ACTIVITY>
Only the lines below starting at the one that contains "replace t with" and ending at the one that contains "intros H; destruct" are to be reproduced, exactly and with both ends kept.

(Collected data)
BEGIN

(* Minkowski's inequality, from [|a + b|^2 <= (1 + l)|a|^2 + (1 + 1/l)|b|^2]
   with the optimal weight [l = t / s], perturbed so that [s, t > 0]. *)
Lemma norm_le_add N f g s t : 0 <= s -> 0 <= t ->
  norm_le N f s -> norm_le N g t -> norm_le N (fadd f g) (s + t).
Proof.
  intros Hs Ht Hf Hg n; apply Rle_sq_of_forall_pos; [lra |]; intros d Hd.
  set (l := (t + d / 2) / (s + d / 2)).
  assert (Hl : 0 < l) by (apply Rdiv_lt_0_compat; lra).
  eapply Rle_trans; [apply (l2_partial_le_comb N _ f g (1 + l) (1 + / l)) |].
  { intros; apply Cnorm2_add_le; auto. }
  replace ((s + t + d) ^ 2) with ((1 + l) * (s + d / 2) ^ 2 + (1 + / l) * (t + d / 2) ^ 2)
    by (unfold l; field; lra).
  assert (0 < / l) by (apply Rinv_0_lt_compat; lra).
  specialize (Hf n); specialize (Hg n).
  apply Rplus_le_compat; apply Rmult_le_compat_l; nra.
Qed.

Lemma norm_le_sub N f g s t : 0 <= s -> 0 <= t ->
  norm_le N f s -> norm_le N g t -> norm_le N (fsub f g) (s + t).
Proof.
  intros Hs Ht Hf Hg.
  apply (norm_le_ext N (fadd f (fscale (Creal (-1)) g))); [intros; coef_ring |].
  apply norm_le_add; auto.
  replace t with (Rabs (-1) * t) by (rewrite Rabs_left by lra; ring).
  apply norm_le_scale; auto.
Qed.

Lemma norm_le_sub_sym N f g r : norm_le N (fsub f g) r -> norm_le N (fsub g f) r.
Proof.
  intros H; apply (norm_le_ext N (fscale (Creal (-1)) (fsub f g))); [intros; coef_ring |].
  replace r with (Rabs (-1) * r) by (rewrite Rabs_left by lra; ring).
  apply norm_le_scale; auto.
Qed.

Lemma sum_f_R0_zero (a : nat -> R) n : (forall i, a i = 0) -> sum_f_R0 a n = 0.
Proof. intros H; induction n; simpl; rewrite ?IHn, H; ring. Qed.

Lemma norm_le_sub_diag N f : norm_le N (fsub f f) 0.
Proof.
  assert (Hz : forall k j, Cnorm2 (fsub f f k j) = 0)
    by (intros; replace (fsub f f k j) with C0 by coef_ring; apply Cnorm2_C0).
  intros n; unfold l2_partial, l2_terms, vnorm2.
  rewrite sum_f_R0_zero; [simpl; lra |].
  intros i; rewrite !sum_f_R0_zero; auto; lra.
Qed.

Lemma norm_le_coord N f r k j : (j <= N)%nat -> norm_le N f r -> Cnorm2 (f k j) <= r ^ 2.
Proof.
  intros Hj H; destruct (Cnorm2_le_l2_partial N f k j Hj) as [n Hn].
  specialize (H n); lra.
Qed.

Lemma cv_const (c : R) : Un_cv (fun _ => c) c.
Proof. intros e He; exists 0%nat; intros; unfold Rdist; rewrite Rminus_diag, Rabs_R0; lra. Qed.

Lemma norm_le_summable N f r : norm_le N f r ->
  exists l, infinite_sum (l2_terms N f) l /\ l <= r ^ 2.
Proof.
  intros H; destruct (growing_cv _ (l2_partial_growing N f)) as [l Hl].
  { exists (r ^ 2); intros x [n ->]; apply H. }
  exists l; split; [exact Hl |].
  exact (Rle_cv_lim H Hl (cv_const _)).
Qed.

Lemma norm_le_inH N f r : supported N f -> norm_le N f r -> inH N f.
Proof.
  intros Hs H; split; [exact Hs |].
  destruct (norm_le_summable N f r H) as [l [Hl _]]; eauto.
Qed.

Lemma inH_norm_le N f : inH N f -> exists r, 0 <= r /\ norm_le N f r.
Proof.
  intros [_ [l Hl]]; exists (sqrt l).
  assert (Hle : forall n, l2_partial N f n <= l)
    by (intros; apply (growing_ineq _ _ (l2_partial_growing N f) Hl)).
  assert (0 <= l) by (pose proof (Hle 0%nat); pose proof (l2_partial_ge0 N f 0); lra).
  split; [apply sqrt_pos |]; intros n; rewrite pow2_sqrt; auto.
Qed.

Lemma supported_add N f g : supported N f -> supported N g -> supported N (fadd f g).
Proof. intros Hf Hg k j Hj; unfold fadd; rewrite Hf, Hg by exact Hj; coef_ring. Qed.

Lemma supported_sub N f g : supported N f -> supported N g -> supported N (fsub f g).
Proof. intros Hf Hg k j Hj; unfold fsub; rewrite Hf, Hg by exact Hj; coef_ring. Qed.

Lemma supported_scale N c f : supported N f -> supported N (fscale c f).
Proof. intros Hf k j Hj; unfold fscale; rewrite Hf by exact Hj; coef_ring. Qed.

Lemma inH_add N f g : inH N f -> inH N g -> inH N (fadd f g).
Proof.
  intros Hf Hg; destruct (inH_norm_le N f Hf) as [s [Hs Hfs]].
  destruct (inH_norm_le N g Hg) as [t [Ht Hgt]].
  apply (norm_le_inH N _ (s + t)); [apply supported_add; [exact (proj1 Hf) | exact (proj1 Hg)] |].
  apply norm_le_add; auto.
Qed.

Lemma inH_sub N f g : inH N f -> inH N g -> inH N (fsub f g).
Proof.
  intros Hf Hg; destruct (inH_norm_le N f Hf) as [s [Hs Hfs]].
  destruct (inH_norm_le N g Hg) as [t [Ht Hgt]].
  apply (norm_le_inH N _ (s + t)); [apply supported_sub; [exact (proj1 Hf) | exact (proj1 Hg)] |].
  apply norm_le_sub; auto.
Qed.

Lemma inH_scale N t f : inH N f -> inH N (fscale (Creal t) f).
Proof.
  intros Hf; destruct (inH_norm_le N f Hf) as [s [_ Hfs]].
  apply (norm_le_inH N _ (Rabs t * s)); [apply supported_scale; exact (proj1 Hf) |].
  apply norm_le_scale; auto.
Qed.

(** * Completeness *)

Definition C_cv (u : nat -> C) (c : C) : Prop :=
  Un_cv (fun M => fst (u M)) (fst c) /\ Un_cv (fun M => snd (u M)) (snd c).

Lemma sum_f_R0_cv (a : nat -> nat -> R) (b : nat -> R) n :
  (forall i, (i <= n)%nat -> Un_cv (fun M => a M i) (b i)) ->
  Un_cv (fun M => sum_f_R0 (a M) n) (sum_f_R0 b n).
Proof.
  induction n as [| n IH]; intros H; simpl; [apply H; lia |].
  apply CV_plus; [apply IH; intros; apply H | apply H]; lia.
Qed.

Lemma l2_partial_cv N (u : nat -> coef_seq) v n :
  (forall k j, (j <= N)%nat -> C_cv (fun M => u M k j) (v k j)) ->
  Un_cv (fun M => l2_partial N (u M) n) (l2_partial N v n).
Proof.
  intros H; apply sum_f_R0_cv; intros i _; unfold l2_terms, vnorm2.
  assert (Hk : forall k, Un_cv (fun M => sum_f_R0 (fun j => Cnorm2 (u M k j)) N)
                                (sum_f_R0 (fun j => Cnorm2 (v k j)) N)).
  { intros k; apply sum_f_R0_cv; intros j Hj; destruct (H k j Hj) as [H1 H2].
    unfold Cnorm2; apply CV_plus; apply CV_mult; auto; apply CV_mult; auto; apply cv_const. }
  apply CV_plus; apply Hk.
Qed.

Lemma norm_le_of_cv N (u : nat -> coef_seq) v r m :
  (forall k j, (j <= N)%nat -> C_cv (fun M => u M k j) (v k j)) ->
  (forall M, (m <= M)%nat -> norm_le N (u M) r) -> norm_le N v r.
Proof.
  intros Hcv Hu n.
  apply (Rle_cv_lim (Un := fun M => l2_partial N (u (M + m)%nat) n) (Vn := fun _ => r ^ 2)).
  - intros M; apply Hu; lia.
  - apply CV_shift' with (f := fun M => l2_partial N (u M) n), l2_partial_cv; auto.
  - apply cv_const.
Qed.

Lemma norm_le_telescope N (u : nat -> coef_seq) (rho : nat -> R) :
  Un_decreasing rho -> (forall m, 0 <= rho m) ->
  (forall m, norm_le N (fsub (u (S m)) (u m)) (rho m - rho (S m))) ->
  forall m M, (m <= M)%nat -> norm_le N (fsub (u M) (u m)) (rho m - rho M).
Proof.
  intros Hdec Hpos Hstep m M HmM; induction HmM as [| M HmM IH].
  - rewrite Rminus_diag; apply norm_le_sub_diag.
  - apply (norm_le_ext N (fadd (fsub (u (S M)) (u M)) (fsub (u M) (u m))));
      [intros; coef_ring |].
    replace (rho m - rho (S M)) with ((rho M - rho (S M)) + (rho m - rho M)) by ring.
    pose proof (Hdec M); pose proof (decreasing_prop rho m M Hdec HmM).
    apply norm_le_add; auto; lra.
Qed.

Lemma Rabs_le_of_sq_le x r : 0 <= r -> x ^ 2 <= r ^ 2 -> Rabs x <= r.
Proof. intros Hr H; unfold Rabs; destruct (Rcase_abs x); nra. Qed.

Lemma Cauchy_crit_of_bound (w rho : nat -> R) :
  (forall e, 0 < e -> exists m, rho m < e) ->
  (forall m M, (m <= M)%nat -> Rabs (w M - w m) <= rho m) -> Cauchy_crit w.
Proof.
  intros Hrho H e He; destruct (Hrho (e / 2)) as [m0 Hm0]; [lra |].
  exists m0; intros n m Hn Hm; unfold Rdist.
  pose proof (H m0 n Hn); pose proof (H m0 m Hm).
  replace (w n - w m) with ((w n - w m0) + - (w m - w m0)) by ring.
  pose proof (Rabs_triang (w n - w m0) (- (w m - w m0))); rewrite Rabs_Ropp in *; lra.
Qed.

Lemma l2_complete N (u : nat -> coef_seq) (rho : nat -> R) :
  (forall m, supported N (u m)) ->
  Un_decreasing rho -> (forall m, 0 <= rho m) -> (forall e, 0 < e -> exists m, rho m < e) ->
  (forall m, norm_le N (fsub (u (S m)) (u m)) (rho m - rho (S m))) ->
  exists v, supported N v /\ forall m, norm_le N (fsub v (u m)) (rho m).
Proof.
  intros Hsupp Hdec Hpos Hsmall Hstep.
  assert (Hball : forall m M, (m <= M)%nat -> norm_le N (fsub (u M) (u m)) (rho m)).
  { intros m M HmM; eapply norm_le_weaken; [| apply norm_le_telescope; eauto].
    pose proof (decreasing_prop rho m M Hdec HmM); pose proof (Hpos M); lra. }
  assert (Hcv : forall k j, (j <= N)%nat -> exists c, C_cv (fun M => u M k j) c).
  { intros k j Hj.
    assert (Hcoord : forall m M, (m <= M)%nat ->
      Rabs (fst (u M k j) - fst (u m k j)) <= rho m /\
      Rabs (snd (u M k j) - snd (u m k j)) <= rho m).
    { intros m M HmM; pose proof (norm_le_coord N _ _ k j Hj (Hball m M HmM)) as Hc.
      unfold fsub, Csub, Cnorm2 in Hc; simpl in Hc.
      pose proof (pow2_ge_0 (fst (u M k j) - fst (u m k j))).
      pose proof (pow2_ge_0 (snd (u M k j) - snd (u m k j))).
      split; apply Rabs_le_of_sq_le; auto; lra. }
    destruct (R_complete (fun M => fst (u M k j))) as [x Hx].
    { apply (Cauchy_crit_of_bound _ rho Hsmall); intros; apply Hcoord; auto. }
    destruct (R_complete (fun M => snd (u M k j))) as [y Hy].
    { apply (Cauchy_crit_of_bound _ rho Hsmall); intros; apply Hcoord; auto. }
    exists (x, y); split; auto. }
  set (v := fun k j =>
    if (j <=? N)%nat then epsilon (inhabits C0) (C_cv (fun M => u M k j)) else C0).
  assert (Hv : forall k j, (j <= N)%nat -> C_cv (fun M => u M k j) (v k j)).
  { intros k j Hj; unfold v; rewrite (proj2 (Nat.leb_le j N) Hj).
    apply epsilon_spec, Hcv, Hj. }
  exists v; split.
  - intros k j Hj; unfold v; rewrite (proj2 (Nat.leb_gt j N) Hj); reflexivity.
  - intros m; apply (norm_le_of_cv N (fun M => fsub (u M) (u m)) _ _ m); [| exact (Hball m)].
    intros k j Hj; destruct (Hv k j Hj) as [H1 H2]; unfold fsub, Csub; simpl.
    split; apply CV_minus; auto; apply cv_const.
Qed.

END

YOUR SOLUTION>
  replace t with (Rabs (-1) * t) by (rewrite Rabs_left by lra; ring).
  apply norm_le_scale; auto.
Qed.

Lemma norm_le_sub_sym N f g r : norm_le N (fsub f g) r -> norm_le N (fsub g f) r.
Proof.
  intros H; apply (norm_le_ext N (fscale (Creal (-1)) (fsub f g))); [intros; coef_ring |].
  replace r with (Rabs (-1) * r) by (rewrite Rabs_left by lra; ring).
  apply norm_le_scale; auto.
Qed.

Lemma sum_f_R0_zero (a : nat -> R) n : (forall i, a i = 0) -> sum_f_R0 a n = 0.
Proof. intros H; induction n; simpl; rewrite ?IHn, H; ring. Qed.

Lemma norm_le_sub_diag N f : norm_le N (fsub f f) 0.
Proof.
  assert (Hz : forall k j, Cnorm2 (fsub f f k j) = 0)
    by (intros; replace (fsub f f k j) with C0 by coef_ring; apply Cnorm2_C0).
  intros n; unfold l2_partial, l2_terms, vnorm2.
  rewrite sum_f_R0_zero; [simpl; lra |].
  intros i; rewrite !sum_f_R0_zero; auto; lra.
Qed.

Lemma norm_le_coord N f r k j : (j <= N)%nat -> norm_le N f r -> Cnorm2 (f k j) <= r ^ 2.
Proof.
  intros Hj H; destruct (Cnorm2_le_l2_partial N f k j Hj) as [n Hn].
  specialize (H n); lra.
Qed.

Lemma cv_const (c : R) : Un_cv (fun _ => c) c.
Proof. intros e He; exists 0%nat; intros; unfold Rdist; rewrite Rminus_diag, Rabs_R0; lra. Qed.

Lemma norm_le_summable N f r : norm_le N f r ->
  exists l, infinite_sum (l2_terms N f) l /\ l <= r ^ 2.
Proof.
  intros H; destruct (growing_cv _ (l2_partial_growing N f)) as [l Hl].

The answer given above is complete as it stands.